SUPPLIED DATA: Begin

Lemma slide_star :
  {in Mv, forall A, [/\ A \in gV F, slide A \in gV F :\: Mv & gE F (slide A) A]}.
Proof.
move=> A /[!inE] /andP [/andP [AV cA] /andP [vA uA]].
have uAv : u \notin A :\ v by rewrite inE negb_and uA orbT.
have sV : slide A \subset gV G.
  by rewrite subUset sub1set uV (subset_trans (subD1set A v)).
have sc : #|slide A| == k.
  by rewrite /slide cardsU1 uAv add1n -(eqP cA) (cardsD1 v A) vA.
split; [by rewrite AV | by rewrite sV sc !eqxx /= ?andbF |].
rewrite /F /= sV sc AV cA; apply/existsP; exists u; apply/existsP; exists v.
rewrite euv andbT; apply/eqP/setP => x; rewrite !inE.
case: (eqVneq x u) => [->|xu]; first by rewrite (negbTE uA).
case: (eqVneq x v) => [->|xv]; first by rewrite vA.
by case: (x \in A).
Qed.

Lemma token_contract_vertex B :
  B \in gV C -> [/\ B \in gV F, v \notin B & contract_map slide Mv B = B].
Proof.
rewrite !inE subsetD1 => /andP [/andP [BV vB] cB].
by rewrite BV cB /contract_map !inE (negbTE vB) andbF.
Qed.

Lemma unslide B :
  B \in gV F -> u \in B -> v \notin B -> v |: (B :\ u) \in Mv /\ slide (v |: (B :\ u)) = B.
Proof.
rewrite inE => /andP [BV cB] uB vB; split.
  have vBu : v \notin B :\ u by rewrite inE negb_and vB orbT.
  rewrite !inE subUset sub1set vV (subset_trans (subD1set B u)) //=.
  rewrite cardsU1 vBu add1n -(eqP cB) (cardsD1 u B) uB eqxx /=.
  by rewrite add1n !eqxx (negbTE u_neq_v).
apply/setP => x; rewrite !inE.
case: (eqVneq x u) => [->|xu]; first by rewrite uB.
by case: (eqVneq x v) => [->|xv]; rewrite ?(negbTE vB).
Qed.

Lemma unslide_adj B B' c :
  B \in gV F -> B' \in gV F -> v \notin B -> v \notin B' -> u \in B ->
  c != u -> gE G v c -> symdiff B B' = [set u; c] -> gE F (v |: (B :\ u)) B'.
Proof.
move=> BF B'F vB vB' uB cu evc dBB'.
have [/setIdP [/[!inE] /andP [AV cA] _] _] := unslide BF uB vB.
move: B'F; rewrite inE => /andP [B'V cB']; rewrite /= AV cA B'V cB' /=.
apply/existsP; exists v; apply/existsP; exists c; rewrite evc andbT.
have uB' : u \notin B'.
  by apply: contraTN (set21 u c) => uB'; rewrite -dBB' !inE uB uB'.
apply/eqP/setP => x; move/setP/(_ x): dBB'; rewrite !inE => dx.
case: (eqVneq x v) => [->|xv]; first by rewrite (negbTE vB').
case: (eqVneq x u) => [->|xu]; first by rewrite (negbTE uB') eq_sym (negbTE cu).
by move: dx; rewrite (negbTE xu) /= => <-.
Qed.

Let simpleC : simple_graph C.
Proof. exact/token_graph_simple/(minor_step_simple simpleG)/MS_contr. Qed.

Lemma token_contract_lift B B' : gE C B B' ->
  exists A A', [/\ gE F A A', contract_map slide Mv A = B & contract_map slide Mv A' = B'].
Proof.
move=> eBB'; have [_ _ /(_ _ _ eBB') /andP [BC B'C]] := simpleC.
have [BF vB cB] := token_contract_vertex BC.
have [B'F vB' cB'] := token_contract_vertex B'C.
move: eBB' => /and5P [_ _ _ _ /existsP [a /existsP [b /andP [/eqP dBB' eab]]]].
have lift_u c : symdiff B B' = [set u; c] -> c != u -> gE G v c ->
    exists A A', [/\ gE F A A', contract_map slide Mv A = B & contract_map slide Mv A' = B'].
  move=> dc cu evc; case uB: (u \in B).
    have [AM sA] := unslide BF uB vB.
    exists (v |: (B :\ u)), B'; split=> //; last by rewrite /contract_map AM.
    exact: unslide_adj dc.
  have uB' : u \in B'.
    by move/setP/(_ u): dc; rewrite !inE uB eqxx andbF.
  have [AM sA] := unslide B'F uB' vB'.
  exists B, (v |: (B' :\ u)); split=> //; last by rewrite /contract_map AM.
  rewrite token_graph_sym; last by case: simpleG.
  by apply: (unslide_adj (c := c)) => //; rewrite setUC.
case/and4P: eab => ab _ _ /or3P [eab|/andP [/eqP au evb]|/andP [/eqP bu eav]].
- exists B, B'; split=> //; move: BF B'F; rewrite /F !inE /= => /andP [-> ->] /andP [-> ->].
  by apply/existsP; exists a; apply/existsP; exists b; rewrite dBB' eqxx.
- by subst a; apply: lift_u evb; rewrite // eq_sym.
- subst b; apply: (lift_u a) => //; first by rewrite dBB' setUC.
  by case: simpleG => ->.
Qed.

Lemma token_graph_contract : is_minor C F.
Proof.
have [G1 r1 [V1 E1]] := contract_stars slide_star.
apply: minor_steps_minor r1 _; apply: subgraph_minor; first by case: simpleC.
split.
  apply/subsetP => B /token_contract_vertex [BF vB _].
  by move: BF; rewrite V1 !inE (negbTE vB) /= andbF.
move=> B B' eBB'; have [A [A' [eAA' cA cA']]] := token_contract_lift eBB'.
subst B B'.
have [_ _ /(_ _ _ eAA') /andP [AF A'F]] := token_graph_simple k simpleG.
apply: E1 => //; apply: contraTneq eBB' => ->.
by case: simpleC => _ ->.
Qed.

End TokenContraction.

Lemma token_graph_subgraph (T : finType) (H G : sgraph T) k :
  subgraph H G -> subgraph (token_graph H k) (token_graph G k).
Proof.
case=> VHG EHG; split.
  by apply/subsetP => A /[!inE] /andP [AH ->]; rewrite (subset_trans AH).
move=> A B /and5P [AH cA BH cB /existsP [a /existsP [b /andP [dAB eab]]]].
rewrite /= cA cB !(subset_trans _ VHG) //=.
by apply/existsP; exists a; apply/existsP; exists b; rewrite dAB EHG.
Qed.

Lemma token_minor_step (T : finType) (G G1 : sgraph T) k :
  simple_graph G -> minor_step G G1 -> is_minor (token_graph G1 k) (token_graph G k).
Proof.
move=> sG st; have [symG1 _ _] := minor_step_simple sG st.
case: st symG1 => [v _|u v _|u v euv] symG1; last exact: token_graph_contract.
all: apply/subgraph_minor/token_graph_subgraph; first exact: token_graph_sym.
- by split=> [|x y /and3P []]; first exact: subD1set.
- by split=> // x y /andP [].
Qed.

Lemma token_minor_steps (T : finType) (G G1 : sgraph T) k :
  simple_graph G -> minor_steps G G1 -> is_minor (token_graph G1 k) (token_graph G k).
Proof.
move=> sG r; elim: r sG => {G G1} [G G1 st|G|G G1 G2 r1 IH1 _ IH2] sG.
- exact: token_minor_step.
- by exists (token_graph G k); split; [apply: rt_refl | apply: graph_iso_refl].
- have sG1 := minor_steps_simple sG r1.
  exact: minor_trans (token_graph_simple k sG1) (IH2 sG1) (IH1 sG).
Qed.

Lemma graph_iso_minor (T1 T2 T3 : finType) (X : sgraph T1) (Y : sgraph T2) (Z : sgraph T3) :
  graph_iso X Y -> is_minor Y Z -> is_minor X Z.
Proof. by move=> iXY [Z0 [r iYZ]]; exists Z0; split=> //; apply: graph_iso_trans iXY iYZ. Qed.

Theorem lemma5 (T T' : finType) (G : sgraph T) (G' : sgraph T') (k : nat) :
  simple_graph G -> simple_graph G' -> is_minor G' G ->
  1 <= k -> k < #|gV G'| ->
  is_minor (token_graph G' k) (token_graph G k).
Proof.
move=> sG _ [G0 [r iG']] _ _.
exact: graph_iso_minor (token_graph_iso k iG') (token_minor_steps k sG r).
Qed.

SUPPLIED DATA: End

▶ **ACTIVITY**
Having read the entries, output all of them verbatim.

▶ **EXERCISE OUTPUT**
Lemma slide_star :
  {in Mv, forall A, [/\ A \in gV F, slide A \in gV F :\: Mv & gE F (slide A) A]}.
Proof.
move=> A /[!inE] /andP [/andP [AV cA] /andP [vA uA]].
have uAv : u \notin A :\ v by rewrite inE negb_and uA orbT.
have sV : slide A \subset gV G.
  by rewrite subUset sub1set uV (subset_trans (subD1set A v)).
have sc : #|slide A| == k.
  by rewrite /slide cardsU1 uAv add1n -(eqP cA) (cardsD1 v A) vA.
split; [by rewrite AV | by rewrite sV sc !eqxx /= ?andbF |].
rewrite /F /= sV sc AV cA; apply/existsP; exists u; apply/existsP; exists v.
rewrite euv andbT; apply/eqP/setP => x; rewrite !inE.
case: (eqVneq x u) => [->|xu]; first by rewrite (negbTE uA).
case: (eqVneq x v) => [->|xv]; first by rewrite vA.
by case: (x \in A).
Qed.

Lemma token_contract_vertex B :
  B \in gV C -> [/\ B \in gV F, v \notin B & contract_map slide Mv B = B].
Proof.
rewrite !inE subsetD1 => /andP [/andP [BV vB] cB].
by rewrite BV cB /contract_map !inE (negbTE vB) andbF.
Qed.

Lemma unslide B :
  B \in gV F -> u \in B -> v \notin B -> v |: (B :\ u) \in Mv /\ slide (v |: (B :\ u)) = B.
Proof.
rewrite inE => /andP [BV cB] uB vB; split.
  have vBu : v \notin B :\ u by rewrite inE negb_and vB orbT.
  rewrite !inE subUset sub1set vV (subset_trans (subD1set B u)) //=.
  rewrite cardsU1 vBu add1n -(eqP cB) (cardsD1 u B) uB eqxx /=.
  by rewrite add1n !eqxx (negbTE u_neq_v).
apply/setP => x; rewrite !inE.
case: (eqVneq x u) => [->|xu]; first by rewrite uB.
by case: (eqVneq x v) => [->|xv]; rewrite ?(negbTE vB).
Qed.

Lemma unslide_adj B B' c :
  B \in gV F -> B' \in gV F -> v \notin B -> v \notin B' -> u \in B ->
  c != u -> gE G v c -> symdiff B B' = [set u; c] -> gE F (v |: (B :\ u)) B'.
Proof.
move=> BF B'F vB vB' uB cu evc dBB'.
have [/setIdP [/[!inE] /andP [AV cA] _] _] := unslide BF uB vB.
move: B'F; rewrite inE => /andP [B'V cB']; rewrite /= AV cA B'V cB' /=.
apply/existsP; exists v; apply/existsP; exists c; rewrite evc andbT.
have uB' : u \notin B'.
  by apply: contraTN (set21 u c) => uB'; rewrite -dBB' !inE uB uB'.
apply/eqP/setP => x; move/setP/(_ x): dBB'; rewrite !inE => dx.
case: (eqVneq x v) => [->|xv]; first by rewrite (negbTE vB').
case: (eqVneq x u) => [->|xu]; first by rewrite (negbTE uB') eq_sym (negbTE cu).
by move: dx; rewrite (negbTE xu) /= => <-.
Qed.

Let simpleC : simple_graph C.
Proof. exact/token_graph_simple/(minor_step_simple simpleG)/MS_contr. Qed.

Lemma token_contract_lift B B' : gE C B B' ->
  exists A A', [/\ gE F A A', contract_map slide Mv A = B & contract_map slide Mv A' = B'].
Proof.
move=> eBB'; have [_ _ /(_ _ _ eBB') /andP [BC B'C]] := simpleC.
have [BF vB cB] := token_contract_vertex BC.
have [B'F vB' cB'] := token_contract_vertex B'C.
move: eBB' => /and5P [_ _ _ _ /existsP [a /existsP [b /andP [/eqP dBB' eab]]]].
have lift_u c : symdiff B B' = [set u; c] -> c != u -> gE G v c ->
    exists A A', [/\ gE F A A', contract_map slide Mv A = B & contract_map slide Mv A' = B'].
  move=> dc cu evc; case uB: (u \in B).
    have [AM sA] := unslide BF uB vB.
    exists (v |: (B :\ u)), B'; split=> //; last by rewrite /contract_map AM.
    exact: unslide_adj dc.
  have uB' : u \in B'.
    by move/setP/(_ u): dc; rewrite !inE uB eqxx andbF.
  have [AM sA] := unslide B'F uB' vB'.
  exists B, (v |: (B' :\ u)); split=> //; last by rewrite /contract_map AM.
  rewrite token_graph_sym; last by case: simpleG.
  by apply: (unslide_adj (c := c)) => //; rewrite setUC.
case/and4P: eab => ab _ _ /or3P [eab|/andP [/eqP au evb]|/andP [/eqP bu eav]].
- exists B, B'; split=> //; move: BF B'F; rewrite /F !inE /= => /andP [-> ->] /andP [-> ->].
  by apply/existsP; exists a; apply/existsP; exists b; rewrite dBB' eqxx.
- by subst a; apply: lift_u evb; rewrite // eq_sym.
- subst b; apply: (lift_u a) => //; first by rewrite dBB' setUC.
  by case: simpleG => ->.
Qed.

Lemma token_graph_contract : is_minor C F.
Proof.
have [G1 r1 [V1 E1]] := contract_stars slide_star.
apply: minor_steps_minor r1 _; apply: subgraph_minor; first by case: simpleC.
split.
  apply/subsetP => B /token_contract_vertex [BF vB _].
  by move: BF; rewrite V1 !inE (negbTE vB) /= andbF.
move=> B B' eBB'; have [A [A' [eAA' cA cA']]] := token_contract_lift eBB'.
subst B B'.
have [_ _ /(_ _ _ eAA') /andP [AF A'F]] := token_graph_simple k simpleG.
apply: E1 => //; apply: contraTneq eBB' => ->.
by case: simpleC => _ ->.
Qed.

End TokenContraction.

Lemma token_graph_subgraph (T : finType) (H G : sgraph T) k :
  subgraph H G -> subgraph (token_graph H k) (token_graph G k).
Proof.
case=> VHG EHG; split.
  by apply/subsetP => A /[!inE] /andP [AH ->]; rewrite (subset_trans AH).
move=> A B /and5P [AH cA BH cB /existsP [a /existsP [b /andP [dAB eab]]]].
rewrite /= cA cB !(subset_trans _ VHG) //=.
by apply/existsP; exists a; apply/existsP; exists b; rewrite dAB EHG.
Qed.

Lemma token_minor_step (T : finType) (G G1 : sgraph T) k :
  simple_graph G -> minor_step G G1 -> is_minor (token_graph G1 k) (token_graph G k).
Proof.
move=> sG st; have [symG1 _ _] := minor_step_simple sG st.
case: st symG1 => [v _|u v _|u v euv] symG1; last exact: token_graph_contract.
all: apply/subgraph_minor/token_graph_subgraph; first exact: token_graph_sym.
- by split=> [|x y /and3P []]; first exact: subD1set.
- by split=> // x y /andP [].
Qed.

Lemma token_minor_steps (T : finType) (G G1 : sgraph T) k :
  simple_graph G -> minor_steps G G1 -> is_minor (token_graph G1 k) (token_graph G k).
Proof.
move=> sG r; elim: r sG => {G G1} [G G1 st|G|G G1 G2 r1 IH1 _ IH2] sG.
- exact: token_minor_step.
- by exists (token_graph G k); split; [apply: rt_refl | apply: graph_iso_refl].
- have sG1 := minor_steps_simple sG r1.
  exact: minor_trans (token_graph_simple k sG1) (IH2 sG1) (IH1 sG).
Qed.

Lemma graph_iso_minor (T1 T2 T3 : finType) (X : sgraph T1) (Y : sgraph T2) (Z : sgraph T3) :
  graph_iso X Y -> is_minor Y Z -> is_minor X Z.
Proof. by move=> iXY [Z0 [r iYZ]]; exists Z0; split=> //; apply: graph_iso_trans iXY iYZ. Qed.

Theorem lemma5 (T T' : finType) (G : sgraph T) (G' : sgraph T') (k : nat) :
  simple_graph G -> simple_graph G' -> is_minor G' G ->
  1 <= k -> k < #|gV G'| ->
  is_minor (token_graph G' k) (token_graph G k).
Proof.
move=> sG _ [G0 [r iG']] _ _.
exact: graph_iso_minor (token_graph_iso k iG') (token_minor_steps k sG r).
Qed.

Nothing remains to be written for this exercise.